Top of Source data
Lemma normZ a u : norm (vscale a u) = Rabs a * norm u.
Proof.
rewrite /norm sqnormZ -sqrt_Rsqr_abs -sqrt_mult.
- by rewrite /Rsqr; congr sqrt; ring.
- exact: Rle_0_sqr.
- exact: inner_self_ge0.
Qed.

End InnerProduct.

Section LinearMap.
Variables (n m : nat) (A : vec n -> vec m).
Hypothesis A_linear : linear_map A.

Lemma linear_mapD u v : A (vadd u v) = vadd (A u) (A v).
Proof. by case: A_linear => AD _; apply: functional_extensionality => j; apply: AD. Qed.

Lemma linear_mapZ a u : A (vscale a u) = vscale a (A u).
Proof. by case: A_linear => _ AZ; apply: functional_extensionality => j; apply: AZ. Qed.

Lemma linear_mapB u v : A (vsub u v) = vsub (A u) (A v).
Proof.
have ->: vsub u v = vadd u (vscale (-1) v) by vec_ring.
by rewrite linear_mapD linear_mapZ; vec_ring.
Qed.

End LinearMap.

Lemma exists_small_scale (N delta : R) : 0 <= N -> 0 < delta ->
  exists s, 0 < s <= 1 /\ s * N < delta.
Proof.
move=> N_ge0 delta_gt0; set q := delta / (N + 1).
have q_gt0 : 0 < q by apply: Rdiv_lt_0_compat; lra.
have qN1 : q * (N + 1) = delta by rewrite /q; field; lra.
exists (Rmin 1 q); have := Rmin_l 1 q; have := Rmin_r 1 q.
have : 0 < Rmin 1 q by apply: Rmin_glb_lt; lra.
nra.
Qed.

Lemma le0_of_le_scaled (a c : R) : (forall t, 0 < t <= 1 -> a <= t * c) -> a <= 0.
Proof.
move=> a_le; apply: Rnot_lt_le => a_gt0.
have [s [s01 s_small]] := exists_small_scale (Rabs_pos c) a_gt0.
have := a_le s s01; have := Rle_abs c; nra.
Qed.

Section Smooth.
Variables (n : nat) (g : vec n -> R) (dg : vec n -> vec n).
Hypothesis g_grad : has_gradient g dg.

Lemma convex_gradient_ineq : convexR g ->
  forall y u, g y + inner (dg y) (vsub u y) <= g u.
Proof.
move=> g_conv y u; set d := vsub u y.
suff: inner (dg y) d - (g u - g y) <= 0 by lra.
apply: (le0_of_le_scaled (c := norm d)) => eps eps01.
have [delta [delta_gt0 g_approx]] := g_grad y (proj1 eps01).
have [s [s01 s_small]] := exists_small_scale (norm_ge0 d) delta_gt0.
have sd_small : norm (vscale s d) < delta by rewrite normZ Rabs_pos_eq; lra.
have := g_approx _ sd_small.
have -> : vadd y (vscale s d) = vadd (vscale s u) (vscale (1 - s) y) by rewrite /d; vec_ring.
rewrite normZ (Rabs_pos_eq s) ?innerZr; last lra.
have := g_conv u y s ltac:(lra); have := norm_ge0 d.
split_Rabs => *; apply: (Rmult_le_reg_l s); nra.
Qed.

Lemma directional_derivative y d t :
  derivable_pt_lim (fun t => g (vadd y (vscale t d))) t
    (inner (dg (vadd y (vscale t d))) d).
Proof.
move=> eps eps_gt0; set N := norm d; set p := vadd y (vscale t d).
have N_ge0 : 0 <= N := norm_ge0 d.
set q := eps / (2 * (N + 1)).
have q_gt0 : 0 < q by apply: Rdiv_lt_0_compat; lra.
have qN : q * (N + 1) * 2 = eps by rewrite /q; field; lra.
have [delta [delta_gt0 g_approx]] := g_grad p q_gt0.
have delta'_gt0 : 0 < delta / (N + 1) by apply: Rdiv_lt_0_compat; lra.
exists (mkposreal _ delta'_gt0) => s s_neq0 /= s_small.
have abs_s_gt0 : 0 < Rabs s by apply: Rabs_pos_lt.
have sN_small : Rabs s * N < delta.
  have : Rabs s * (N + 1) < delta.
    have := Rmult_lt_compat_r (N + 1) _ _ ltac:(lra) s_small.
    by rewrite /Rdiv Rmult_assoc Rinv_l; lra.
  nra.
have := g_approx (vscale s d); rewrite normZ -/N => /(_ sN_small).
have -> : vadd p (vscale s d) = vadd y (vscale (t + s) d) by rewrite /p; vec_ring.
rewrite innerZr => approx.
have -> : (g (vadd y (vscale (t + s) d)) - g p) / s - inner (dg p) d
        = (g (vadd y (vscale (t + s) d)) - g p - s * inner (dg p) d) / s by field.
rewrite /Rdiv Rabs_mult Rabs_inv.
apply: (Rle_lt_trans _ (q * N)); last nra.
apply: (Rmult_le_reg_r (Rabs s)) => //.
rewrite Rmult_assoc Rinv_l ?Rmult_1_r; lra.
Qed.

Lemma descent_lemma (L : R) : 0 < L -> lipschitz_grad dg L ->
  forall y d, g (vadd y d) <= g y + inner (dg y) d + L / 2 * inner d d.
Proof.
move=> L_gt0 dg_lip y d.
set G0 := inner (dg y) d; set dd := inner d d.
(* Mean value theorem on [0, 1] for [psi], whose derivative is [<= 0] by the Lipschitz bound. *)
set psi := fun t => g (vadd y (vscale t d)) - (t * G0 + L / 2 * dd * t ^ 2).
set psi' := fun t => inner (dg (vadd y (vscale t d))) d - (G0 + L * dd * t).
have psi_deriv : forall c, 0 <= c <= 1 -> derivable_pt_lim psi c (psi' c).
  move=> c _; apply: derivable_pt_lim_minus; first exact: directional_derivative.
  have -> : G0 + L * dd * c = G0 * 1 + L / 2 * dd * (INR 2 * c ^ Nat.pred 2).
    by rewrite /=; field.
  apply: (derivable_pt_lim_plus (fun t => t * G0) (fun t => L / 2 * dd * t ^ 2)).
  - have -> : (fun t => t * G0) = mult_real_fct G0 id.
      by apply: functional_extensionality => t; rewrite /mult_real_fct /id; ring.
    exact/derivable_pt_lim_scal/derivable_pt_lim_id.
  - exact/(derivable_pt_lim_scal (fun t => t ^ 2))/derivable_pt_lim_pow.
have [c [psi_mvt c01]] := MVT_cor2 psi psi' 0 1 ltac:(lra) psi_deriv.
have psi'_le0 : psi' c <= 0.
  set a := vsub (dg (vadd y (vscale c d))) (dg y).
  have a_le : norm a <= L * (c * norm d).
    have := dg_lip (vadd y (vscale c d)) y.
    have -> : vsub (vadd y (vscale c d)) y = vscale c d by vec_ring.
    rewrite normZ (Rabs_pos_eq c); [exact | lra].
  have aa_le : inner a a <= (L * c) ^ 2 * dd.
    rewrite -norm_sqr /dd -norm_sqr.
    by have := norm_ge0 a; have := norm_ge0 d; nra.
  have := inner_self_ge0 (vsub a (vscale (L * c) d)).
  rewrite sqnormB innerZr sqnormZ -/dd => quad_ge0.
  have Lc_gt0 : 0 < L * c by nra.
  have : inner a d <= L * c * dd by nra.
  by rewrite /psi' /a innerBl -/G0; lra.
have psi1 : psi 1 = g (vadd y d) - (G0 + L / 2 * dd).
  by rewrite /psi (_ : vscale 1 d = d); [ring | vec_ring].
have psi0 : psi 0 = g y.
  by rewrite /psi (_ : vadd y (vscale 0 d) = y); [ring | vec_ring].
nra.
Qed.

End Smooth.

Lemma accelerated_descent (n : nat) (g : vec n -> R) (dg : vec n -> vec n) (L t : R)
    (xk zk z' xs : vec n) :
  convexR g -> has_gradient g dg -> 0 < L -> lipschitz_grad dg L -> 0 <= t <= 1 ->
  g (vadd (vscale (1 - t) xk) (vscale t z'))
  <= (1 - t) * g xk + t * g xs
     - t * inner (dg (vadd (vscale (1 - t) xk) (vscale t zk))) (vsub xs z')
     + L * t ^ 2 / 2 * inner (vsub z' zk) (vsub z' zk).
Proof.
move=> g_conv g_grad L_gt0 dg_lip t01.
set y := vadd _ (vscale t zk); set x' := vadd _ _; set G := dg y.
have := descent_lemma g_grad L_gt0 dg_lip y (vscale t (vsub z' zk)).
have -> : vadd y (vscale t (vsub z' zk)) = x' by rewrite /x' /y; vec_ring.
have -> : inner G (vscale t (vsub z' zk))
          = (1 - t) * inner G (vsub xk y) + t * inner G (vsub xs y) - t * inner G (vsub xs z').
  have -> : vscale t (vsub z' zk)
            = vadd (vscale (1 - t) (vsub xk y)) (vscale t (vsub (vsub xs y) (vsub xs z'))).
    by rewrite /y; vec_ring.
  by rewrite innerDr !innerZr !innerBr; ring.
have gk := convex_gradient_ineq g_grad g_conv y xk.
have gs := convex_gradient_ineq g_grad g_conv y xs.
have := Rmult_le_compat_l (1 - t) _ _ ltac:(lra) gk.
have := Rmult_le_compat_l t _ _ ltac:(lra) gs.
rewrite sqnormZ -/G; lra.
Qed.

Lemma theta_update_bounds (t : R) : 0 < t <= 1 ->
  let s := (- t ^ 2 + sqrt (t ^ 4 + 4 * t ^ 2)) / 2 in
  0 < s <= 1 /\ s ^ 2 = (1 - s) * t ^ 2 /\ s * (2 + t) <= 2 * t.
Proof.
move=> t01 s; set r := sqrt (t ^ 4 + 4 * t ^ 2).
have rr : r * r = t ^ 4 + 4 * t ^ 2 by apply: sqrt_sqrt; nra.
have r_ge0 : 0 <= r by apply: sqrt_pos.
have r_gt : t ^ 2 < r by nra.
have r_le : r <= t ^ 2 + 2 by nra.
have s_eq : s ^ 2 = (1 - s) * t ^ 2 by rewrite /s -/r; nra.
split; [rewrite /s -/r; lra | split => //].
(* [s] solves [s^2 + t^2 s - t^2 = 0], whence
   [(2t - u)(2t + u + t^2(2 + t)) = t^4] for [u = s(2 + t)]. *)
set u := s * (2 + t).
have u_eq : (2 * t - u) * (2 * t + u + t ^ 2 * (2 + t)) = t ^ 4 by rewrite /u; nra.
have u_pos : 0 < 2 * t + u + t ^ 2 * (2 + t) by rewrite /u /s -/r; nra.
have : 0 < t ^ 4 by apply: pow_lt; lra.
by clearbody u; nra.
Qed.

Lemma theta_bounds k : 0 < theta k <= 1 /\ theta k * (INR k + 2) <= 2.
Proof.
elim: k => [|k [theta01 theta_le]]; first by rewrite /=; lra.
rewrite S_INR /=.
have [s01 [_ s_le]] := theta_update_bounds theta01.
split => //; set s := _ / 2 in s01 s_le *.
have : s * (INR k + 1 + 2) * (2 + theta k) <= 2 * (2 + theta k) by have := pos_INR k; nra.
nra.
Qed.

Lemma theta_sq_succ k : theta (S k) ^ 2 = (1 - theta (S k)) * theta k ^ 2.
Proof. by have [_ [->]] := theta_update_bounds (proj1 (theta_bounds k)). Qed.

Lemma convexE_finite (n : nat) (h : vec n -> ER) x y t a b :
  convexE h -> h x = Fin a -> h y = Fin b -> 0 <= t <= 1 ->
  exists c, h (vadd (vscale t x) (vscale (1 - t) y)) = Fin c /\ c <= t * a + (1 - t) * b.
Proof.
move=> h_conv hx hy t01; have := h_conv x y t a b t01; rewrite hx hy /=.
by case: (h _) => [c|] /(_ (Rle_refl _) (Rle_refl _)) //; exists c.
Qed.

(* Smooth part of the [z]-subproblem: [G] is the gradient at [y], [B] the penalty
   and [c] the proximal weight. *)
Definition prox_model (n m : nat) (G : vec n) (lam : vec m) (A : vec n -> vec m) (b : vec m)
    (B c : R) (zk v : vec n) : R :=
  inner G v + inner lam (A v) + B / 2 * inner (vsub (A v) b) (vsub (A v) b)
  + c / 2 * inner (vsub v zk) (vsub v zk).

Lemma prox_model_optimality (n m : nat) (h : vec n -> ER) G lam (A : vec n -> vec m) b B c
    zk u w hu hw :
  convexE h -> linear_map A ->
  (forall v, ER_le (ER_add (Fin (prox_model G lam A b B c zk u)) (h u))
                   (ER_add (Fin (prox_model G lam A b B c zk v)) (h v))) ->
  h u = Fin hu -> h w = Fin hw ->
  0 <= inner G (vsub w u) + inner (vadd lam (vscale B (vsub (A u) b))) (A (vsub w u))
       + c * inner (vsub u zk) (vsub w u) + hw - hu.
Proof.
move=> h_conv A_lin u_opt hu_fin hw_fin; set d := vsub w u.
set slope := _ + hw - hu; set curv := B * inner (A d) (A d) + c * inner d d.
suff : - slope <= 0 by lra.
apply: (le0_of_le_scaled (c := curv / 2)) => s s01.
have [v [hv_fin hv_le]] := convexE_finite (t := s) h_conv hw_fin hu_fin ltac:(lra).
rewrite (_ : vadd (vscale s w) (vscale (1 - s) u) = vadd u (vscale s d)) in hv_fin;
  last by rewrite /d; vec_ring.
have := u_opt (vadd u (vscale s d)); rewrite hu_fin hv_fin /=.
have -> : prox_model G lam A b B c zk (vadd u (vscale s d))
          = prox_model G lam A b B c zk u
            + s * (inner G d + inner (vadd lam (vscale B (vsub (A u) b))) (A d)
                   + c * inner (vsub u zk) d) + s ^ 2 / 2 * curv.
  rewrite /prox_model (linear_mapD A_lin) (linear_mapZ A_lin).
  have -> : vsub (vadd (A u) (vscale s (A d))) b = vadd (vsub (A u) b) (vscale s (A d)).
    by vec_ring.
  have -> : vsub (vadd u (vscale s d)) zk = vadd (vsub u zk) (vscale s d) by vec_ring.
  clearbody d; rewrite !sqnormDZ (innerDr (A u)) (innerDr u) innerDl !innerZr innerZl /curv.
  field.
move=> opt_le.
have : 0 <= s * slope + s ^ 2 / 2 * curv by rewrite /slope; clearbody d curv; nra.
move=> ?; apply: (Rmult_le_reg_l s); nra.
Qed.

Lemma multiplier_three_point (m : nat) t (lam lam' lams e : vec m) :
  0 < t <= 1 -> e = vscale t (vsub lam' lam) ->
  t * (inner lams e - inner lam' e) + t / 2 * inner e e
  <= t ^ 2 / 2 * (inner (vsub lam lams) (vsub lam lams)
                  - inner (vsub lam' lams) (vsub lam' lams)).
Proof.
move=> t01 ->; have := sqnorm_three_point lam' lam lams.
rewrite innerBr sqnormZ !innerZr (innerC lams) (innerC lam').
have := inner_self_ge0 (vsub lam' lam).
(* [t/2 |e|^2 = t^3/2 |lam' - lam|^2 <= t^2/2 |lam' - lam|^2] *)
have : t ^ 3 <= t ^ 2 by nra.
nra.
Qed.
Bottom of Source data
▶ [Work item]: Keep both end lines and retype everything in the records above from the line containing "set y := vadd" through the line containing "have := Rmult_le_compat_l t", exactly, with nothing else.

▶ [Result of the exercise]:
set y := vadd _ (vscale t zk); set x' := vadd _ _; set G := dg y.
have := descent_lemma g_grad L_gt0 dg_lip y (vscale t (vsub z' zk)).
have -> : vadd y (vscale t (vsub z' zk)) = x' by rewrite /x' /y; vec_ring.
have -> : inner G (vscale t (vsub z' zk))
          = (1 - t) * inner G (vsub xk y) + t * inner G (vsub xs y) - t * inner G (vsub xs z').
  have -> : vscale t (vsub z' zk)
            = vadd (vscale (1 - t) (vsub xk y)) (vscale t (vsub (vsub xs y) (vsub xs z'))).
    by rewrite /y; vec_ring.
  by rewrite innerDr !innerZr !innerBr; ring.
have gk := convex_gradient_ineq g_grad g_conv y xk.
have gs := convex_gradient_ineq g_grad g_conv y xs.
have := Rmult_le_compat_l (1 - t) _ _ ltac:(lra) gk.
have := Rmult_le_compat_l t _ _ ltac:(lra) gs.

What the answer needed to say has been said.